One of the memes the 1% crowd has been pushing, both locally and nationally, has been The Cost To The Taxpayer of the protests — usually in the form of utterly unnecessary (and local-economy-hurting) barricades, police presence, and surveillance of groups of largely self-disciplined and peaceful protesters — costs that one almost never sees tallied in discussions of, say, policing of sporting events such as the Minnesota Lynx’ win of the WNBA championship.

The dirty little secret here is that the price of foreclosures and bank bailouts — where your tax dollars are given to the banks so they can use that money to more efficiently kick you out of your own home — is what’s really costing the taxpayer. See, for example, Minnesotans for Fair Economy’s report on Hennepin County in Minnesota, which encompasses the city of Minneapolis and several other municipalities:

  • Experts estimate that a typical foreclosure can cost a local government more than $19,000 [i]. With 9,393 foreclosures[ii] in Hennepin County, the cost of current foreclosures to taxpayers in Hennepin County is $180.6 million.[iii]

The real estate market collapse widely attributed to the big banks reckless behavior has cost the county much more in lost property taxes.

  • Homes in Hennepin County are worth about $75,200 less than they were at the beginning of the housing crisis [iv], for lost an estimated total of $22.7 billion in lost value[v], which could drain $268 million in annual tax revenue from the county and its municipalities.[vi]

“Our First Amendment rights to protest are priceless; but the foreclosure crisis brought on by predatory lending and Wall Street recklessness has drained homeowners of billions in home value and thus cost Hennepin County millions,” said Donna Cassutt,Minnesotans for a Fair Economy spokesperson said.

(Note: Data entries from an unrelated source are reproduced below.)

(* The Galois structure $\Gamma=(\mathsf{PreOrdGrp},\mathsf{Mono(Ab)},F,U,\mathscr{E},\mathscr{Z})$ is admissible; that is, for every preordered group $B$, every object $X$ of $\mathsf{Mono(Ab)}$ and every regular epimorphism $\phi\colon X\to F(B)$ in $\mathsf{Mono(Ab)}$, the functor $F$ sends the pullback in $\mathsf{PreOrdGrp}$ of $U(\phi)$ along the unit $\eta_B\colon B\to UF(B)$ to a pullback in $\mathsf{Mono(Ab)}$.
   Context: A preordered group is a pair $(G,P_G)$ with $G$ an additively written group and $P_G\subseteq G$ a submonoid closed under conjugation; morphisms are group homomorphisms $f$ with $f(P_G)\subseteq P_H$. This is $\mathsf{PreOrdGrp}$; limits are computed componentwise. $\mathsf{Mono(Ab)}$ is the full subcategory of $(G,P_G)$ with $G$ abelian and $P_G$ a subgroup, $U$ its inclusion, and $F$ its left adjoint: $F(G,P_G)=(G/[G,G],\{x-y: x,y\in\eta_G(P_G)\})$, $\eta_G$ the abelianization quotient, unit induced by $\eta_G$; the counit of $F\dashv U$ is an isomorphism. $\mathscr E$ (resp. $\mathscr Z$) is the class of regular epimorphisms in $\mathsf{PreOrdGrp}$ (resp. $\mathsf{Mono(Ab)}$), i.e. morphisms $(f,\bar f)$ with $f$ and its restriction $\bar f$ to positive cones both surjective. A Galois structure $(\mathscr C,\mathscr F,F,U,\mathscr E,\mathscr Z)$ is admissible when for every $B$ the counit of the induced adjunction between $\mathscr E$-extensions of $B$ and $\mathscr Z$-extensions of $F(B)$ (right adjoint: pullback of $U(\phi)$ along $\eta_B$) is an isomorphism; when the counit of $F\dashv U$ is an isomorphism this is equivalent to the pullback-preservation condition in the claim. *)

From Stdlib Require Import ClassicalEpsilon.

Set Implicit Arguments.

(** Data of a preordered group: an additively written group with a
    distinguished subset (the positive cone).  The axioms are stated
    separately in [isPreOrdGrp]. *)
Record pgrp := PGrp {
  car :> Type;
  add : car -> car -> car;
  zero : car;
  opp : car -> car;
  pos : car -> Prop }.

Arguments add {p} _ _.
Arguments zero {p}.
Arguments opp {p} _.
Arguments pos {p} _.

Definition sub {G : pgrp} (x y : G) : G := add x (opp y).

Definition isPreOrdGrp (G : pgrp) : Prop :=
  (forall x y z : G, add x (add y z) = add (add x y) z) /\
  (forall x : G, add zero x = x) /\
  (forall x : G, add x zero = x) /\
  (forall x : G, add (opp x) x = zero) /\
  (forall x : G, add x (opp x) = zero) /\
  pos (@zero G) /\
  (forall x y : G, pos x -> pos y -> pos (add x y)) /\
  (forall x p : G, pos p -> pos (add (add x p) (opp x))).

Definition isMonoAb (G : pgrp) : Prop :=
  isPreOrdGrp G /\
  (forall x y : G, add x y = add y x) /\
  (forall x : G, pos x -> pos (opp x)).

Definition hom {G H : pgrp} (f : G -> H) : Prop :=
  (forall x y : G, f (add x y) = add (f x) (f y)) /\
  (forall x : G, pos x -> pos (f x)).

(** Regular epimorphisms (classes E and Z): surjective, and surjective on
    positive cones. *)
Definition regepi {G H : pgrp} (f : G -> H) : Prop :=
  hom f /\
  (forall y : H, exists x : G, f x = y) /\
  (forall y : H, pos y -> exists x : G, pos x /\ f x = y).

Definition commsub {G : pgrp} (x : G) : Prop :=
  forall S : G -> Prop,
    S zero ->
    (forall a b, S a -> S b -> S (sub a b)) ->
    (forall a b : G, S (sub (sub (add a b) a) b)) ->
    S x.

Definition abeq {G : pgrp} (x y : G) : Prop := commsub (sub x y).

(** The abelianization G/[G,G] as a type of equivalence classes. *)
Definition qcar (G : pgrp) : Type :=
  { S : G -> Prop | exists x : G, S = abeq x }.

Definition cls {G : pgrp} (x : G) : qcar G :=
  exist _ (abeq x) (ex_intro _ x eq_refl).

Definition repr {G : pgrp} (S : qcar G) : G :=
  proj1_sig (constructive_indefinite_description _ (proj2_sig S)).

Definition qadd {G : pgrp} (S T : qcar G) : qcar G := cls (add (repr S) (repr T)).
Definition qzero (G : pgrp) : qcar G := cls (@zero G).
Definition qopp {G : pgrp} (S : qcar G) : qcar G := cls (opp (repr S)).

Definition qpos {G : pgrp} (S : qcar G) : Prop :=
  exists x y : G, pos x /\ pos y /\ S = qadd (cls x) (qopp (cls y)).

Definition Fobj (G : pgrp) : pgrp :=
  {| car := qcar G; add := qadd (G:=G); zero := qzero G; opp := qopp (G:=G);
     pos := qpos (G:=G) |}.

Definition eta (G : pgrp) : G -> Fobj G := cls (G:=G).

Definition Fmor {G H : pgrp} (f : G -> H) : Fobj G -> Fobj H :=
  fun S => cls (f (repr S)).

(** A commutative square
       P --p2--> X
       |p1       |g
       B --f---> C
    is a pullback in the full subcategory of pgrp cut out by [Obj]
    (universal property, uniqueness among morphisms). *)
Definition is_pullback_in (Obj : pgrp -> Prop) {P B X C : pgrp}
    (p1 : P -> B) (p2 : P -> X) (f : B -> C) (g : X -> C) : Prop :=
  (forall p, f (p1 p) = g (p2 p)) /\
  forall (Z : pgrp) (z1 : Z -> B) (z2 : Z -> X),
    Obj Z -> hom z1 -> hom z2 -> (forall z, f (z1 z) = g (z2 z)) ->
    exists u : Z -> P, hom u /\ (forall z, p1 (u z) = z1 z) /\ (forall z, p2 (u z) = z2 z) /\
      forall v : Z -> P, hom v -> (forall z, p1 (v z) = z1 z) -> (forall z, p2 (v z) = z2 z) ->
        forall z, v z = u z.

(* A pullback in PreOrdGrp of additive maps into a group is, up to isomorphism, the subgroup
   {(b, x) | eta b = phi x} of B * X with the componentwise cone; so it suffices to show that
   (F p1, F p2) is jointly injective, hits every compatible pair, and reflects positivity.
   Since phi is surjective and X is abelian, every element of [B,B] lifts to an element of
   [P,P] lying over 0 in X, so the class of p is determined by p2 p and the class of p1 p.
   For the cone, a compatible pair (cls (b1 - b2), x1 - x2) of differences of positives is
   split along phi into positive y1, y2 with phi yi = cls bi, using that phi is surjective
   on cones and that the cone of X is a subgroup; the lifts of (bi, yi) are positive in P. *)

From Stdlib Require Import ClassicalEpsilon ProofIrrelevance.
From Stdlib Require Import FunctionalExtensionality PropExtensionality.

Definition isGrp (G : pgrp) : Prop :=
  (forall x y z : G, add x (add y z) = add (add x y) z) /\
  (forall x : G, add zero x = x) /\
  (forall x : G, add x zero = x) /\
  (forall x : G, add (opp x) x = zero) /\
  (forall x : G, add x (opp x) = zero).

Definition additive {G H : pgrp} (f : G -> H) : Prop :=
  forall x y : G, f (add x y) = add (f x) (f y).

Lemma isPreOrdGrp_grp {G : pgrp} : isPreOrdGrp G -> isGrp G.
Proof. intros (? & ? & ? & ? & ? & _). repeat split; auto. Qed.

Lemma isMonoAb_grp {G : pgrp} : isMonoAb G -> isGrp G.
Proof. intros [HG _]. now apply isPreOrdGrp_grp. Qed.

Section GroupLaws.
Context {G : pgrp} (HG : isGrp G).

Lemma addrA (x y z : G) : add x (add y z) = add (add x y) z.
Proof. apply HG. Qed.
Lemma add0r (x : G) : add zero x = x.
Proof. apply HG. Qed.
Lemma addr0 (x : G) : add x zero = x.
Proof. apply HG. Qed.
Lemma addNr (x : G) : add (opp x) x = zero.
Proof. apply HG. Qed.
Lemma addrN (x : G) : add x (opp x) = zero.
Proof. apply HG. Qed.

Lemma addKr (x y : G) : add (opp x) (add x y) = y.
Proof. now rewrite addrA, addNr, add0r. Qed.
Lemma addNKr (x y : G) : add x (add (opp x) y) = y.
Proof. now rewrite addrA, addrN, add0r. Qed.
Lemma addrI (x y z : G) : add x y = add x z -> y = z.
Proof. intro e. now rewrite <- (addKr x y), e, addKr. Qed.

Lemma eq_opp_of_add0 (x y : G) : add x y = zero -> x = opp y.
Proof. intro e. now rewrite <- (addr0 x), <- (addrN y), addrA, e, add0r. Qed.
Lemma opprK (x : G) : opp (opp x) = x.
Proof. symmetry. apply eq_opp_of_add0, addrN. Qed.
Lemma oppr0 : opp (@zero G) = zero.
Proof. symmetry. apply eq_opp_of_add0, add0r. Qed.
Lemma opprD (x y : G) : opp (add x y) = add (opp y) (opp x).
Proof.
  symmetry. apply eq_opp_of_add0.
  now rewrite <- addrA, (addrA (opp x)), addNr, add0r, addNr.
Qed.

End GroupLaws.

Ltac group_simpl HG := unfold sub; repeat progress rewrite
  <-?(addrA HG), ?(addKr HG), ?(addNKr HG), ?(addNr HG), ?(addrN HG), ?(add0r HG),
  ?(addr0 HG), ?(opprD HG), ?(opprK HG), ?(oppr0 HG).

Section Additive.
Context {G H : pgrp} (HG : isGrp G) (HH : isGrp H) {f : G -> H} (af : additive f).

Lemma raddf0 : f zero = zero.
Proof. apply (addrI HH (f zero)). now rewrite <- af, !addr0. Qed.
Lemma raddfN (x : G) : f (opp x) = opp (f x).
Proof. apply (eq_opp_of_add0 HH). now rewrite <- af, addNr, raddf0. Qed.
Lemma raddfB (x y : G) : f (sub x y) = sub (f x) (f y).
Proof. unfold sub. now rewrite af, raddfN. Qed.

End Additive.

Lemma commsub0 {G : pgrp} : commsub (@zero G).
Proof. now intros S h0 _ _. Qed.
Lemma commsubB {G : pgrp} (x y : G) : commsub x -> commsub y -> commsub (sub x y).
Proof. intros hx hy S h0 hB hc. apply hB; [apply hx | apply hy]; auto. Qed.
Lemma commsub_commutator {G : pgrp} (x y : G) : commsub (sub (sub (add x y) x) y).
Proof. intros S _ _ hc. apply hc. Qed.

Section CommutatorSubgroup.
Context {G : pgrp} (HG : isGrp G).

Lemma commsubN (x : G) : commsub x -> commsub (opp x).
Proof.
  intro hx. replace (opp x) with (sub zero x) by (unfold sub; apply (add0r HG)).
  apply commsubB; [apply commsub0 | exact hx].
Qed.
Lemma commsubD (x y : G) : commsub x -> commsub y -> commsub (add x y).
Proof.
  intros hx hy. replace (add x y) with (sub x (opp y)) by (unfold sub; now rewrite (opprK HG)).
  apply commsubB; [exact hx | now apply commsubN].
Qed.
Lemma commsub_conj (g c : G) : commsub c -> commsub (add (add g c) (opp g)).
Proof.
  intro hc. replace (add (add g c) (opp g)) with (add (sub (sub (add g c) g) c) c)
    by (group_simpl HG; reflexivity).
  apply commsubD; [apply commsub_commutator | exact hc].
Qed.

“Sheriff Stanek and Chief Dolan shouldn’t blame the messenger when people stand up to demand reform of reckless bank behavior that has cost our communities a fortune and devastated whole neighborhoods,” added Javier Morillo, President of SEIU Local 26 and a steering committee member of Minnesotans for a Fair Economy.

Steve Fletcher, the Executive Director of Neighborhoods Organizing for Change said, “NOC just released a study showing that the foreclosure crisis has cost the Minneapolis Public Schools $150 million. The banks and government have done far too little to help underwater and struggling homeowners or hold banks accountable. That’s the problem.”

“All across this county we have roads and bridges and schools that need repair and re-building.  We should be investing in putting  people to work so they can stay in their houses instead of letting sheriff’s deputies be used to put families out of their homes,” said Carol Nieters Executive Director of SEIU Local 284.

Watch the video above for some strong testimony from victims of foreclosure. Bet it sounds a lot like what you’re seeing in your home towns.